How to Perform Sequence Alignment
2024-06-04
seqAlign.RmdOverview
This vignette demonstrates how to perform pairwise sequence
alignment using Rust-backed tools in the
rustytools package. We apply this functionality to align
CDR3 nucleotide sequences from single-cell VDJ data and identify
leukemic clones in a suspected relapse of B-ALL. This is followed by
functional analysis, including expression of CDKN2A, to
validate biological distinctions.
Setup
We begin by loading the necessary libraries.
rm(list = ls())
suppressPackageStartupMessages({
library(rustytools)
library(Seurat)
library(scCustomize)
})Data Loading
We load the Seurat object for the patient sample (seu)
and a reference bone marrow dataset (seur). The reference
will provide color mappings for visualization.
seu <- readRDS("/Users/sfurlan/Library/CloudStorage/OneDrive-SharedLibraries-FredHutchinsonCancerCenter/Furlan_Lab - General/experiments/patient_marrows/ALL_5336/cds/240416_cds.RDS")
if (grepl("^gizmo", Sys.info()["nodename"])) {
ROOT_DIR2 <- "/fh/fast/furlan_s/grp/data/ddata/BM_data"
} else {
ROOT_DIR2 <- "/Users/sfurlan/Library/CloudStorage/OneDrive-SharedLibraries-FredHutchinsonCancerCenter/Furlan_Lab - General/datasets/Healthy_BM_greenleaf"
}
seur <- readRDS(file.path(ROOT_DIR2, "230329_rnaAugmented_seurat.RDS"))Visualizing VDJ Predictions
We plot the predicted cell types using vmR_pred and
color them according to the reference dataset.
DimPlot(seu, group.by = "vmR_pred", cols = seur@misc$colors)
Next, we highlight putative leukemic clones based on cluster identity:
seu$leuk_cdr3_nt <- NA
seu$leuk_cdr3_nt[seu$seurat_clusters %in% c(11, 13)] <- seu$cdr3_nt[seu$seurat_clusters %in% c(11, 13)]
DimPlot(seu, group.by = "leuk_cdr3_nt") + NoLegend()
Sequence Alignment with Rust
We align VDJ-derived sequences against known leukemic clones obtained
from Adaptive ClonoSEQ data.

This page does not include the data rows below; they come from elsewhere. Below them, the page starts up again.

(* Let $(Q,\star,e)$ be a double Ward quasigroup. Define $x\bullet y=(e\star x)\star y$. Then $(Q,\bullet)$ is a Ward quasigroup, i.e. a quasigroup satisfying $(x\bullet z)\bullet(y\bullet z)=x\bullet y$ for all $x,y,z\in Q$.
   Context: A quasigroup is a magma in which $ax=b$ and $ya=b$ have unique solutions for all $a,b$. A double Ward quasigroup $(Q,\star,e)$ is a quasigroup $(Q,\star)$ with an element $e$ such that $((e\star e)\star(x\star z))\star((e\star y)\star z)=x\star y$ for all $x,y,z\in Q$. *)

Definition is_quasigroup {Q : Type} (op : Q -> Q -> Q) : Prop :=
  (forall a b : Q, exists x : Q, op a x = b /\ forall x' : Q, op a x' = b -> x' = x) /\
  (forall a b : Q, exists y : Q, op y a = b /\ forall y' : Q, op y' a = b -> y' = y).

Definition is_double_ward_quasigroup {Q : Type} (star : Q -> Q -> Q) (e : Q) : Prop :=
  is_quasigroup star /\
  forall x y z : Q,
    star (star (star e e) (star x z)) (star (star e y) z) = star x y.

Definition is_ward_quasigroup {Q : Type} (op : Q -> Q -> Q) : Prop :=
  is_quasigroup op /\
  forall x y z : Q, op (op x z) (op y z) = op x y.


Set Implicit Arguments.

(* Putting x := e * y in the double Ward identity and letting (e * y) * z
   range over all of Q gives ((e * e) * w) * w = (e * y) * y for all w, y;
   for w = y = e, two right cancellations yield e * e = e.  The identity then
   reads (e * (x * z)) * ((e * y) * z) = x * y, which for x := e * x is the
   Ward identity of x • y = (e * x) * y.  Finally • is a quasigroup because
   left multiplication by e is a bijection of Q. *)

Section Quasigroup.

Variables (Q : Type) (op : Q -> Q -> Q).
Hypothesis op_quasigroup : is_quasigroup op.

Lemma quasigroup_cancel_r (a b s : Q) : op a s = op b s -> a = b.
Proof.
  intros Hab.
  destruct (proj2 op_quasigroup s (op b s)) as [y [_ Uy]].
  rewrite (Uy a Hab). symmetry. apply Uy. reflexivity.
Qed.

Lemma quasigroup_precompose_left_mul (e : Q) :
  is_quasigroup (fun x y => op (op e x) y).
Proof.
  destruct op_quasigroup as [HL HR]. split.
  - intros a b. exact (HL (op e a) b).
  - intros a b.
    destruct (HR a b) as [v [Hv Uv]].
    destruct (HL e v) as [y [Hy Uy]].
    exists y. split.
    + rewrite Hy. exact Hv.
    + intros y' Hy'. apply Uy, Uv, Hy'.
Qed.

End Quasigroup.

Section DoubleWard.

Variables (Q : Type) (star : Q -> Q -> Q) (e : Q).
Hypothesis star_double_ward : is_double_ward_quasigroup star e.

Lemma double_ward_square_const (y w : Q) :
  star (star (star e e) w) w = star (star e y) y.
Proof.
  destruct star_double_ward as [[HL _] DW].
  destruct (HL (star e y) w) as [z [Hz _]].
  rewrite <- Hz. apply DW.
Qed.

Lemma double_ward_idem : star e e = e.
Proof.
  pose proof (double_ward_square_const e e) as H.
  apply (quasigroup_cancel_r (proj1 star_double_ward)) in H.
  exact (quasigroup_cancel_r (proj1 star_double_ward) _ _ _ H).
Qed.

Lemma double_ward_reduced (x y z : Q) :
  star (star e (star x z)) (star (star e y) z) = star x y.
Proof.
  pose proof (proj2 star_double_ward x y z) as DW.
  rewrite double_ward_idem in DW. exact DW.
Qed.

End DoubleWard.

Theorem proposition4p3 (Q : Type) (star : Q -> Q -> Q) (e : Q) :
  is_double_ward_quasigroup star e ->
  is_ward_quasigroup (fun x y => star (star e x) y).
Proof.
  intros Hdw.
  split.
  - exact (quasigroup_precompose_left_mul (proj1 Hdw) e).
  - intros x y z. apply (double_ward_reduced Hdw).
Qed.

We use the
align() function from rustytools, which is
backed by the bio crate from Rust for high-performance
alignment.
# Adaptive-derived CDR3 sequences
cloneC <- "CAGGAACACCTCCATAAGCACAGCCTACATGGAGCTGAGCAGCCTGAGATCTGAGGACACGGCCGTGTATTACTGTGCGAGAGGCCTAACCCACACCCACCCCCTACTTATTGTAGTAGTACCAGCTGCTATGACTACTGGGGCCAGGGAACC"

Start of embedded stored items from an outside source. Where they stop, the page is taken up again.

Lemma double_laplacian_form n (adj : rel 'I_n) (x : 'rV[C]_n) : symmetric adj ->
  2 * (x *m map_mx rc (laplacian R adj) *m x^t*) 0 0 =
  \sum_a \sum_b (adj a b)%:R * `|x 0 a - x 0 b| ^+ 2.
Proof.
move=> adj_sym; pose h a b := x 0 a * (x 0 b)^*.
have deg a : (gdeg adj a)%:R = \sum_b (adj a b)%:R :> C.
  rewrite /gdeg cardsE -sum1_card natr_sum big_mkcond /=.
  by apply: eq_bigr => b _; rewrite -topredE /=; case: (adj a b).
have entry a b : map_mx rc (laplacian R adj) a b =
    (a == b)%:R * (gdeg adj a)%:R - (adj a b)%:R.
  by rewrite !mxE rmorphB /=; case: eqP; rewrite ?mul1r ?mul0r !rmorph_nat.
have form : (x *m map_mx rc (laplacian R adj) *m x^t*) 0 0 =
    \sum_a \sum_b (adj a b)%:R * (h a a - h a b).
  rewrite mxE; under eq_bigr => j _ do rewrite !mxE mulr_suml.
  rewrite exchange_big /=; apply: eq_bigr => a _.
  under eq_bigr => b _ do rewrite entry mulrBr mulrBl.
  under [RHS]eq_bigr => b _ do rewrite mulrBr.
  rewrite !sumrB (bigD1 a) //= big1 => [|b /negbTE ab]; last first.
    by rewrite eq_sym ab mul0r mulr0 mul0r.
  rewrite eqxx mul1r addr0 -mulr_suml -deg.
  by congr (_ - _); [rewrite /h; ring | apply: eq_bigr => b _; rewrite /h; ring].
have form_sym : (x *m map_mx rc (laplacian R adj) *m x^t*) 0 0 =
    \sum_a \sum_b (adj a b)%:R * (h b b - h b a).
  rewrite form exchange_big /=; apply: eq_bigr => a _.
  by apply: eq_bigr => b _; rewrite adj_sym.
rewrite mulr2n mulrDl mul1r {1}form form_sym -big_split /=.
apply: eq_bigr => a _; rewrite -big_split /=; apply: eq_bigr => b _.
by rewrite normCK rmorphB /= /h; ring.
Qed.

Lemma sum_count_edges n (E : seq (nat * nat)) (h : 'I_n.+1 -> 'I_n.+1 -> C) :
    all (fun e => (e.1 <= n) && (e.2 <= n))%N E ->
  \sum_a \sum_b (count (pred1 (val a, val b)) E)%:R * h a b =
  \sum_(e <- E) h (inord e.1) (inord e.2).
Proof.
elim: E => [_|e E IH /andP[/andP[e1_lt e2_lt] E_lt]].
  by rewrite big_nil big1 // => a _; rewrite big1 // => b _; rewrite mul0r.
have e_eq (a b : 'I_n.+1) :
    (e == (val a, val b)) = (a == inord e.1) && (b == inord e.2).
  by rewrite -!(inj_eq val_inj) /= !inordK // [e]surjective_pairing xpair_eqE.
have single :
    \sum_a \sum_b (e == (val a, val b))%:R * h a b = h (inord e.1) (inord e.2).
  rewrite (bigD1 (inord e.1)) //= [X in _ + X]big1 => [|a /negbTE a_ne].
    rewrite (bigD1 (inord e.2)) //= big1 => [|b /negbTE b_ne].
      by rewrite e_eq !eqxx mul1r !addr0.
    by rewrite e_eq b_ne andbF mul0r.
  by rewrite big1 // => b _; rewrite e_eq a_ne mul0r.
rewrite big_cons -IH // -single -big_split /=; apply: eq_bigr => a _.
rewrite -big_split /=; apply: eq_bigr => b _.
by rewrite /= natrD mulrDl.
Qed.

Lemma count_edges_sym n (adj : rel 'I_n) (E : seq (nat * nat)) :
  (forall a b : 'I_n, (adj a b : nat) =
     (count (pred1 (val a, val b)) E + count (pred1 (val b, val a)) E)%N) ->
  symmetric adj.
Proof.
move=> adjE a b; have : (adj a b : nat) = adj b a by rewrite !adjE addnC.
by case: (adj a b); case: (adj b a).
Qed.

Lemma laplacian_form_edges n (adj : rel 'I_n.+1) (E : seq (nat * nat))
    (x : 'rV[C]_n.+1) : all (fun e => (e.1 <= n) && (e.2 <= n))%N E ->
  (forall a b : 'I_n.+1, (adj a b : nat) =
     (count (pred1 (val a, val b)) E + count (pred1 (val b, val a)) E)%N) ->
  (x *m map_mx rc (laplacian R adj) *m x^t*) 0 0 =
  \sum_(e <- E) `|x 0 (inord e.1) - x 0 (inord e.2)| ^+ 2.
Proof.
move=> E_lt adjE; have adj_sym := count_edges_sym adjE.
apply: (@mulfI _ 2); first by rewrite pnatr_eq0.
rewrite double_laplacian_form // mulr_natl mulr2n.
rewrite -{1}(sum_count_edges (fun a b => `|x 0 a - x 0 b| ^+ 2) E_lt).
under [X in _ + X]eq_bigr => e _ do rewrite distrC.
rewrite -(sum_count_edges (fun a b => `|x 0 b - x 0 a| ^+ 2) E_lt).
rewrite [X in _ + X]exchange_big -big_split /=; apply: eq_bigr => a _.
by rewrite -big_split /=; apply: eq_bigr => b _; rewrite adjE natrD mulrDl.
Qed.
End Laplacian.

Section PathSums.
Variable C : numClosedFieldType.
Implicit Type X : nat -> C.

cloneB <- "CGCGGACAAATCCACGAGCACAGCCTACATGGAGCTGAGCAGCCTGAGATCTGAGGACACGGCCGTGTATTACTGTGCGCGGCGGACTCCGTATTACTATGGTTCGGGGAGTTATACTACTACGGTATGGACGTCTGGGGCCAAGGGACC"
cloneD <- "GATGTTGGGGTTTATTACTGCATGCAAGGTACACACTGGCCCAACCTAGTGGCAGCCCAGGG"

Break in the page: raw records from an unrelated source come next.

(* Let $\Gamma$ be a finitely generated non-abelian free group and $\rho:\Gamma\to\mathrm{SL}_3(\mathbb{R})$ a reducible suspension preserving the hyperplane $P$. If $\rho$ is quasi-isometric, then for every $\gamma\in\Gamma\setminus\{1\}$ the element $\rho_P(\gamma)$ is hyperbolic, i.e. its two eigenvalues are real with distinct moduli.
   Context: A reducible suspension is a representation $\rho:\Gamma\to\mathrm{SL}_3(\mathbb{R})$ preserving a 2-dimensional subspace $P$; $\rho_P(\gamma):=|\det_P(\rho(\gamma))|^{-1/2}\rho(\gamma)|_P\in\mathrm{SL}^{\pm}(P)$, with $P$ given the volume form inherited from $\mathbb{R}^3$. $\rho$ is quasi-isometric if there are $a\ge1,b\ge0$ with $\log\|\rho(\gamma)\|\ge a^{-1}|\gamma|-b$ for all $\gamma$, where $|\cdot|$ is word length for a fixed finite symmetric generating set (equivalently, $\rho$ is a quasi-isometric embedding). *)

From HB Require Import structures.
From mathcomp Require Import all_boot all_order all_algebra.
From mathcomp Require Import reals exp.
Set Implicit Arguments. Unset Strict Implicit. Unset Printing Implicit Defensive.
Import Order.TTheory GRing.Theory Num.Theory.
Local Open Scope ring_scope.

(* Elements of the free group F_k on the basis a_0,...,a_{k-1}: reduced words.
   A letter (i, true) is a_i, (i, false) is a_i^{-1}. *)
Definition letter (k : nat) := ('I_k * bool)%type.
Definition word (k : nat) := seq (letter k).

Definition reduced (k : nat) (w : word k) : bool :=
  sorted (fun x y : letter k => ~~ ((x.1 == y.1) && (x.2 != y.2))) w.

(* word length w.r.t. the symmetric generating set {a_i^{+-1}}: for a reduced
   word it is its size *)
Definition wlen (k : nat) (w : word k) : nat := size w.

Definition letter_mx (R : fieldType) (k : nat) (g : 'I_k -> 'M[R]_3)
  (x : letter k) : 'M[R]_3 := if x.2 then g x.1 else invmx (g x.1).

Definition rep (R : fieldType) (k : nat) (g : 'I_k -> 'M[R]_3) (w : word k)
  : 'M[R]_3 := \prod_(x <- w) letter_mx g x.

Definition mxnorm (R : realFieldType) (A : 'M[R]_3) : R :=
  \big[Num.max/0]_(i < 3) \big[Num.max/0]_(j < 3) `|A i j|.

(* rho_P for a restriction matrix M of rho(gamma) to P (in some basis of P):
   |det_P|^{-1/2} rho(gamma)|_P *)
Definition normalize_P (R : rcfType) (M : 'M[R]_2) : 'M[R]_2 :=
  (Num.sqrt `|\det M|)^-1 *: M.

Definition hyperbolic (R : realFieldType) (N : 'M[R]_2) : Prop :=
  exists l1 l2 : R, `|l1| != `|l2| /\
    char_poly N = ('X - l1%:P) * ('X - l2%:P).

cloneE <- "CTGATTATTACTGTGAGACCGGGACCAAGC"
# Compute alignment scores
seu$cloneC_score <- sapply(seu$cdr3_nt, function(seq) align(seq, cloneC, atype = "local", verbose = FALSE))
seu$cloneB_score <- sapply(seu$cdr3_nt, function(seq) align(seq, cloneB, atype = "local", verbose = FALSE))
seu$cloneD_score <- sapply(seu$cdr3_nt, function(seq) align(seq, cloneD, atype = "local", verbose = FALSE))
seu$cloneE_score <- sapply(seu$cdr3_nt, function(seq) align(seq, cloneE, atype = "local", verbose = FALSE))Alignment Results Visualization
We visualize the alignment scores on the UMAP embedding:
FeaturePlot(seu, features = c("cloneB_score", "cloneC_score", "cloneD_score", "cloneE_score"),
order = TRUE, keep.scale = "all",
cols = c("grey90", "red"), min.cutoff = "q20")
We can compare specific alignments with
Biostrings::pairwiseAlignment() to validate alignment
quality:
Biostrings::pairwiseAlignment(putative[1], cloneC, type = "global-local")## Global-Local PairwiseAlignmentsSingleSubject (1 of 1)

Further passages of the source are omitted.